(* Let $G$ be an undirected graph and $n\ge 4$ an even integer. Then $G$ admits a homomorphism to the undirected cycle $C_{n-1}$ if and only if $G$ admits an acyclic orientation containing no induced subgraph isomorphic to a member of $F_n\setminus\{\overrightarrow{C}_3,\overrightarrow{C}_4\}$.
   Context: Graph homomorphisms are vertex maps sending edges to edges (for digraphs: arcs to arcs). An orientation of an undirected graph assigns exactly one direction to each edge; it is acyclic if it has no directed cycle. $\overrightarrow{C}_k$ is the directed cycle on $k$ vertices. For $n\ge 3$, $Q_n$ is the oriented path $(q_0,\dots,q_{n-1})$ on $n$ distinct vertices, with exactly one arc between $q_i$ and $q_{i+1}$ for each $i$ and no other arcs, such that: the first two arcs are $q_0\to q_1$ and $q_1\to q_2$; the subpath $(q_1,\dots,q_{n-2})$ is alternating (consecutive arcs have opposite directions); and the last two arcs have the same direction. For even $n\ge 4$, $F_n$ is the set (up to isomorphism) of oriented graphs $H$ for which there is a homomorphism $Q_n\to H$ that is surjective on vertices. *)

(* Finite simple graphs as symmetric irreflexive relations. *)
From mathcomp Require Import all_boot.
Set Implicit Arguments. Unset Strict Implicit. Unset Printing Implicit Defensive.

Definition hom (T W : finType) (e : rel T) (b : rel W) : Prop :=
  exists f : T -> W, forall x y, e x y -> b (f x) (f y).

Definition Cyc (m : nat) : rel 'I_m :=
  fun i j => (val j == (val i).+1 %% m) || (val i == (val j).+1 %% m).

Definition DCyc (k : nat) : rel 'I_k :=
  fun i j => val j == (val i).+1 %% k.

Definition orientation (T : finType) (e o : rel T) : Prop :=
  (forall x y, o x y -> e x y) /\ (forall x y, e x y -> o x y = ~~ o y x).

Definition acyclic (T : finType) (o : rel T) : Prop :=
  forall x y, o x y -> ~~ connect o y x.

Definition oriented (V : finType) (a : rel V) : Prop :=
  (forall u, ~~ a u u) /\ (forall u v, a u v -> ~~ a v u).

(* direction of the arc between q_i and q_{i+1} in Q_n (true = q_i -> q_{i+1}):
   arcs 0 and 1 forward, arcs 1..n-3 alternate, arc n-2 same as arc n-3. *)
Definition qfwd0 (i : nat) : bool := (i == 0) || odd i.
Definition qfwd (n i : nat) : bool :=
  if i == n - 2 then qfwd0 (n - 3) else qfwd0 i.

Definition Qarc (n : nat) : rel 'I_n :=
  fun i j => ((val j == (val i).+1) && qfwd n i)
          || ((val i == (val j).+1) && ~~ qfwd n j).

Arguments Qarc n : clear implicits.
Definition inF (n : nat) (V : finType) (a : rel V) : Prop :=
  oriented a /\
  exists f : 'I_n -> V,
    (forall i j, Qarc n i j -> a (f i) (f j)) /\ (forall v, exists i, f i = v).

Arguments inF n [V] a.
Definition diso (V W : finType) (a : rel V) (b : rel W) : Prop :=
  exists phi : V -> W, bijective phi /\ forall u v, a u v = b (phi u) (phi v).

Definition induced_copy (V T : finType) (a : rel V) (o : rel T) : Prop :=
  exists phi : V -> T, injective phi /\ forall u v, a u v = o (phi u) (phi v).
Arguments Cyc m : clear implicits.
Arguments DCyc k : clear implicits.

From mathcomp Require Import all_boot zify.
Set Implicit Arguments. Unset Strict Implicit. Unset Printing Implicit Defensive.

(* Let Z be the orientation of the odd cycle C_(n-1) with arcs 0 -> 1 -> 2 and
   0 -> n-2, in which every odd vertex a >= 3 is a source (a -> a-1, a -> a+1).
   Its only directed 2-path is 0 -> 1 -> 2.  Q_n begins and ends with a directed
   2-path and alternates in between; under a homomorphism Q_n -> Z the image of
   q_i in that middle section stays a positive number of the parity of i, so
   q_(n-3) cannot reach 0.  Pulling Z back along a colouring G -> C_(n-1)
   therefore yields an acyclic orientation (Z has a strictly increasing rank)
   into which Q_n does not map at all, so no member of F_n is induced in it.

   Conversely, let D be an acyclic orientation of G with none of the forbidden
   induced subgraphs.  The image of a homomorphism Q_n -> D is an induced member
   of F_n, and acyclicity rules out C3 and C4; so Q_n does not map to D, and we
   map D to Z instead.  As D has no directed 3-walk, a vertex with both in- and
   out-arcs goes to 1; a sink goes to the least even L >= 2 such that the first
   L arcs of Q_n map into D ending at it, a source to the least such odd L
   (with defaults n-2 and 0).  Minimality of these depths makes every arc of D
   land on an arc of Z. *)

Lemma hom_comp (T U W : finType) (e : rel T) (b : rel U) (c : rel W) :
  hom e b -> hom b c -> hom e c.
Proof. by move=> [f hf] [g hg]; exists (g \o f) => x y /hf /hg. Qed.

Lemma diso_hom (V W : finType) (a : rel V) (b : rel W) : diso a b -> hom b a.
Proof.
by move=> [phi [[psi _ psiK] hphi]]; exists psi => i j bij; rewrite hphi !psiK.
Qed.

Lemma induced_copy_hom (V T : finType) (a : rel V) (o : rel T) :
  induced_copy a o -> hom a o.
Proof. by move=> [phi [_ hphi]]; exists phi => u v; rewrite hphi. Qed.

Lemma acyclic_rank (T : finType) (o : rel T) (r : T -> nat) :
  (forall x y, o x y -> r x < r y) -> acyclic o.
Proof.
move=> r_mono x y oxy; apply/negP => /connectP [p op lastp].
suff : r y <= r x by have := r_mono _ _ oxy; lia.
rewrite lastp; elim: p y op {oxy lastp} => [|z p IH] y //= /andP [oyz /IH].
exact: leq_trans (ltnW (r_mono _ _ oyz)).
Qed.

Lemma acyclic_no_hom_DCyc (T : finType) (o : rel T) k :
  0 < k -> acyclic o -> ~ hom (DCyc k) o.
Proof.
case: k => // k _ ac [f hf].
have step i : i < k -> o (f (inord i)) (f (inord i.+1)).
  by move=> ik; apply: hf; rewrite /DCyc /= !inordK ?modn_small //; lia.
have reach i : i <= k -> connect o (f (inord 0)) (f (inord i)).
  elim: i => [|i IH] ik; first exact: connect0.
  exact: connect_trans (IH (ltnW ik)) (connect1 (step i ik)).
have back : o (f (inord k)) (f (inord 0)).
  by apply: hf; rewrite /DCyc /= !inordK // modnn.
by have := ac _ _ back; rewrite reach.
Qed.

Lemma orientation_pullback (T W : finType) (e : rel T) (c oc : rel W) (f : T -> W) :
  symmetric e -> orientation c oc -> (forall x y, e x y -> c (f x) (f y)) ->
  orientation e (fun x y => e x y && oc (f x) (f y)).
Proof.
move=> esym [_ oc_orients] hf; split=> [x y /andP [] //|x y exy].
by rewrite /= exy -esym exy (oc_orients _ _ (hf _ _ exy)).
Qed.
Lemma card_pos_subsets n : #|pos_subsets n.+1| = 2 ^ n.
Proof.
suff -> : pos_subsets n.+1 = powerset [set~ ord0] by rewrite card_powerset cardsC1 card_ord.
apply/setP => I; rewrite !inE.
by apply/forall_inP/subsetP => I_pos i /I_pos; rewrite !inE -val_eqE lt0n.
Qed.

Lemma perm_Psi_compositions n :
  perm_eq [seq Psi n.+1 a | a <- compositions n.+1] (enum (pos_subsets n.+1)).
Proof.
have uniq_Psi : uniq [seq Psi n.+1 a | a <- compositions n.+1].
  rewrite map_inj_in_uniq ?uniq_compositions // => a b.
  by rewrite !mem_compositions; apply: Psi_inj.
have sub_Psi :
    {subset [seq Psi n.+1 a | a <- compositions n.+1] <= enum (pos_subsets n.+1)}.
  move=> I /mapP[a]; rewrite mem_compositions mem_enum inE => ca ->.
  by apply/forall_inP => i; rewrite inE => /(comp_psi_range ca) /andP[].
have le_size :
    size (enum (pos_subsets n.+1)) <= size [seq Psi n.+1 a | a <- compositions n.+1].
  by rewrite -cardE card_pos_subsets size_map size_compositions.
apply: uniq_perm; rewrite ?enum_uniq //.
exact: (uniq_min_size uniq_Psi sub_Psi le_size).2.
Qed.

Lemma Psi_surj n (I : {set 'I_n.+1}) : (forall i, i \in I -> 0 < val i) ->
  exists2 a, is_comp n.+1 a & Psi n.+1 a = I.
Proof.
move=> I_pos; have : I \in enum (pos_subsets n.+1) by rewrite mem_enum inE; apply/forall_inP.
rewrite -(perm_mem (perm_Psi_compositions n)) => /mapP[a].
by rewrite mem_compositions; exists a.
Qed.

Lemma sum_pos_subsets (R : nmodType) n (G : {set 'I_n.+1} -> R) :
  (\sum_(I : {set 'I_n.+1} | [forall i in I, (0 < val i)%N]) G I
   = \sum_(a <- compositions n.+1) G (Psi n.+1 a))%R.
Proof.
rewrite (eq_bigl (mem (pos_subsets n.+1))) => [|I]; last by rewrite /= inE.
by rewrite -big_enum -(perm_big _ (perm_Psi_compositions n)) big_map.
Qed.

Theorem theorem1p5 (n : nat) (n_gt0 : 0 < n) :
  (* Psi_n maps compositions of n into subsets of [n-1] *)
  (forall a : seq nat, is_comp n a ->
     forall x, x \in psi_list a -> 0 < x < n)
  (* injective on compositions of n *)
  /\ (forall a b : seq nat, is_comp n a -> is_comp n b ->
        Psi n a = Psi n b -> a = b)
  (* surjective onto subsets of [n-1] = {1,...,n-1} *)
  /\ (forall I : {set 'I_n}, (forall i : 'I_n, i \in I -> 0 < val i) ->
        exists a : seq nat, is_comp n a /\ Psi n a = I)
  (* statistics *)
  /\ (forall (a : seq nat) (I : {set 'I_n}), is_comp n a -> Psi n a = I ->
        n - size a = #|I|
        /\ (2 * (bstat a)%:Z - ('C(size a, 2))%:Z + (coinv a)%:Z
            = ('C(n, 2))%:Z - (\sum_(i in I) (val i))%:Z)%R)
  (* generating function identity, in any commutative ring *)
  /\ (forall (R : comNzRingType) (z q : R),
        (\sum_(l < n.+1) \sum_(t : l.-tuple 'I_n.+1 | is_comp n (map val t))
            z ^+ (n - l)%N * q ^+ (2 * bstat (map val t) + coinv (map val t) - 'C(l, 2))%N
         = \sum_(I : {set 'I_n} | [forall i in I, (0 < val i)%N])
            z ^+ #|I| * q ^+ ('C(n, 2) - \sum_(i in I) val i)%N)%R).
Proof.
case: n n_gt0 => // n _.
split; first exact: comp_psi_range.
split; first exact: Psi_inj.
split; first by move=> I /Psi_surj[a]; exists a.
split => [a I ca <- | R z q].
  by rewrite card_Psi //; split => //; have := Psi_stat ca; lia.
pose F l a := (z ^+ (n.+1 - l)%N * q ^+ (2 * bstat a + coinv a - 'C(l, 2))%N)%R.
rewrite (sum_comp_tuples n.+1 F) sum_pos_subsets.
apply: eq_big_seq => a; rewrite mem_compositions => ca.
by rewrite card_Psi //; congr (_ * _ ^+ _)%R; have := Psi_stat ca; lia.
Qed.
(** Inverse systems of frames indexed by (omega, <=): the maps f i j are only
    required to be meaningful for j <= i. *)
Definition inverse_system (F : nat -> frame) (f : forall i j, W (F i) -> W (F j)) : Prop :=
  (forall i j, j <= i -> bounded_morphism (F i) (F j) (f i j)) /\
  (forall i x, f i i x = x) /\
  (forall i j k, k <= j -> j <= i -> forall x, f j k (f i j x) = f i k x).

Definition inverse_limit (F : nat -> frame) (f : forall i j, W (F i) -> W (F j)) : frame :=
  {| W := { x : forall i, W (F i) | forall i j, j <= i -> f i j (x i) = x j };
     Rel := fun l x y => forall i, Rel (F i) l (proj1_sig x i) (proj1_sig y i) |}.

Definition infinite_set (P : form -> Prop) : Prop :=
  ~ exists l : list form, forall a, P a -> In a l.

End Modal.

From Stdlib Require Import List Arith Lia Cantor.
From Stdlib Require Import Classical ClassicalEpsilon FunctionalExtensionality ProofIrrelevance PropExtensionality.
Import ListNotations.
Set Implicit Arguments.

(* A canonical formula [sigma] valid in finite frames [F i] is valid in their inverse
   limit: under a valuation naming every point of every stage, the map sending a thread to
   its theory is an injective bounded morphism from the limit into the canonical frame of
   K + sigma.  Its back condition rests on two facts: the projections of the limit are
   bounded morphisms (by dependent choice), and the truth of any formula at a thread is
   decided at a finite stage.
   If only finitely many formulas of Sigma were non-canonical, they would all follow from
   a single [gamma m]; let [n] be given by the hypothesis for [l = m].  By induction on
   derivations, every formula of K + Sigma then holds, for some [k], in all inverse limits
   of finite frames validating [gamma k] whose limit validates [gamma m]; for [gamma n]
   this contradicts (L3). *)

Section Semantics.
Variable Lam : Type.
Implicit Types (F G : frame Lam) (a b c : form Lam) (S : form Lam -> Prop).

Lemma forces_subst F V s a w :
  forces F V w (subst s a) <-> forces F (fun n y => forces F V y (s n)) w a.
Proof.
  revert w; induction a as [n| |a1 IH1 a2 IH2|l a IH]; intro w; simpl; try tauto.
  - rewrite IH1, IH2; tauto.
  - split; intros H u Hu; apply IH, H, Hu.
Qed.

Lemma tautology_forces F V w a : tautology a -> forces F V w a.
Proof.
  set (v := fun c => if excluded_middle_informative (forces F V w c) then true else false).
  assert (Hv : forall c, beval v c = true <-> forces F V w c).
  { induction c as [n| |c1 IH1 c2 IH2|l c]; simpl.
    3: rewrite <- IH1, <- IH2; destruct (beval v c1), (beval v c2); simpl; intuition congruence.
    all: unfold v; try destruct excluded_middle_informative; intuition congruence. }
  intro Ha; apply Hv, Ha.
Qed.

Lemma valid_KPlus F S : (forall b, S b -> valid F b) -> forall a, KPlus S a -> valid F a.
Proof.
  intros HS a H; induction H; intros V w; simpl.
  - now apply tautology_forces.
  - intros H1 H2 u Hu; apply H1; auto.
  - now apply HS.
  - apply (IHKPlus1 V w), IHKPlus2.
  - intros u _; apply IHKPlus.
  - apply forces_subst, IHKPlus.
Qed.

Lemma KPlus_trans S1 S2 : (forall b, S1 b -> KPlus S2 b) -> forall a, KPlus S1 a -> KPlus S2 a.
Proof.
  intros H a Ha; induction Ha.
  - now apply kp_taut.
  - apply kp_K.
  - auto.
  - eapply kp_mp; eauto.
  - now apply kp_nec.
  - now apply kp_subst.
Qed.

Lemma beval_impchain v l c :
  beval v (impchain l c) = true <-> ((forall a, In a l -> beval v a = true) -> beval v c = true).
Proof.
  induction l as [|a l IH]; simpl.
  - firstorder.
  - destruct (beval v a) eqn:E; simpl.
    + rewrite IH; firstorder congruence.
    + split; [|reflexivity]. intros _ H; exfalso.
      enough (beval v a = true) by congruence. exact (H a (or_introl eq_refl)).
Qed.

Lemma forces_impchain F V w l c :
  forces F V w (impchain l c) <-> ((forall a, In a l -> forces F V w a) -> forces F V w c).
Proof.
  induction l as [|a l IH]; simpl.
  - firstorder.
  - rewrite IH; firstorder congruence.
Qed.

Fixpoint occurs (n : nat) (a : form Lam) : Prop :=
  match a with
  | Var _ m => m = n
  | Bot _ => False
  | Imp a b => occurs n a \/ occurs n b
  | Box _ a => occurs n a
  end.

Lemma forces_bounded_morphism F G h V V' a :
  bounded_morphism F G h ->
  (forall n, occurs n a -> forall x, V n x <-> V' n (h x)) ->
  forall x, forces F V x a <-> forces G V' (h x) a.
Proof.
  intros [Hforth Hback]; induction a as [n| |a1 IH1 a2 IH2|l a IH]; intros Hv x; simpl.
  - now apply Hv.
  - tauto.
  - rewrite (IH1 (fun n o => Hv n (or_introl o))), (IH2 (fun n o => Hv n (or_intror o))); tauto.
  - split.
    + intros H u Hu. destruct (Hback _ _ _ Hu) as [y [Hy <-]]. apply IH; auto.
    + intros H y Hy. apply IH; auto.
Qed.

○ ○ ○ ○

Work order -
Reproduce, character for character, only the lines of the preceding data that start at the line with "size (enum (pos_subsets" and end at the line with "by rewrite card_Psi //; split", both included.

Written reply -
    size (enum (pos_subsets n.+1)) <= size [seq Psi n.+1 a | a <- compositions n.+1].
  by rewrite -cardE card_pos_subsets size_map size_compositions.
apply: uniq_perm; rewrite ?enum_uniq //.
exact: (uniq_min_size uniq_Psi sub_Psi le_size).2.
Qed.

Lemma Psi_surj n (I : {set 'I_n.+1}) : (forall i, i \in I -> 0 < val i) ->
  exists2 a, is_comp n.+1 a & Psi n.+1 a = I.
Proof.
move=> I_pos; have : I \in enum (pos_subsets n.+1) by rewrite mem_enum inE; apply/forall_inP.
rewrite -(perm_mem (perm_Psi_compositions n)) => /mapP[a].
by rewrite mem_compositions; exists a.
Qed.

Lemma sum_pos_subsets (R : nmodType) n (G : {set 'I_n.+1} -> R) :
  (\sum_(I : {set 'I_n.+1} | [forall i in I, (0 < val i)%N]) G I
   = \sum_(a <- compositions n.+1) G (Psi n.+1 a))%R.
Proof.
rewrite (eq_bigl (mem (pos_subsets n.+1))) => [|I]; last by rewrite /= inE.
by rewrite -big_enum -(perm_big _ (perm_Psi_compositions n)) big_map.
Qed.

Theorem theorem1p5 (n : nat) (n_gt0 : 0 < n) :
  (* Psi_n maps compositions of n into subsets of [n-1] *)
  (forall a : seq nat, is_comp n a ->
     forall x, x \in psi_list a -> 0 < x < n)
  (* injective on compositions of n *)
  /\ (forall a b : seq nat, is_comp n a -> is_comp n b ->
        Psi n a = Psi n b -> a = b)
  (* surjective onto subsets of [n-1] = {1,...,n-1} *)
  /\ (forall I : {set 'I_n}, (forall i : 'I_n, i \in I -> 0 < val i) ->
        exists a : seq nat, is_comp n a /\ Psi n a = I)
  (* statistics *)
  /\ (forall (a : seq nat) (I : {set 'I_n}), is_comp n a -> Psi n a = I ->
        n - size a = #|I|
        /\ (2 * (bstat a)%:Z - ('C(size a, 2))%:Z + (coinv a)%:Z
            = ('C(n, 2))%:Z - (\sum_(i in I) (val i))%:Z)%R)
  (* generating function identity, in any commutative ring *)
  /\ (forall (R : comNzRingType) (z q : R),
        (\sum_(l < n.+1) \sum_(t : l.-tuple 'I_n.+1 | is_comp n (map val t))
            z ^+ (n - l)%N * q ^+ (2 * bstat (map val t) + coinv (map val t) - 'C(l, 2))%N
         = \sum_(I : {set 'I_n} | [forall i in I, (0 < val i)%N])
            z ^+ #|I| * q ^+ ('C(n, 2) - \sum_(i in I) val i)%N)%R).
Proof.
case: n n_gt0 => // n _.
split; first exact: comp_psi_range.
split; first exact: Psi_inj.
split; first by move=> I /Psi_surj[a]; exists a.
split => [a I ca <- | R z q].
  by rewrite card_Psi //; split => //; have := Psi_stat ca; lia.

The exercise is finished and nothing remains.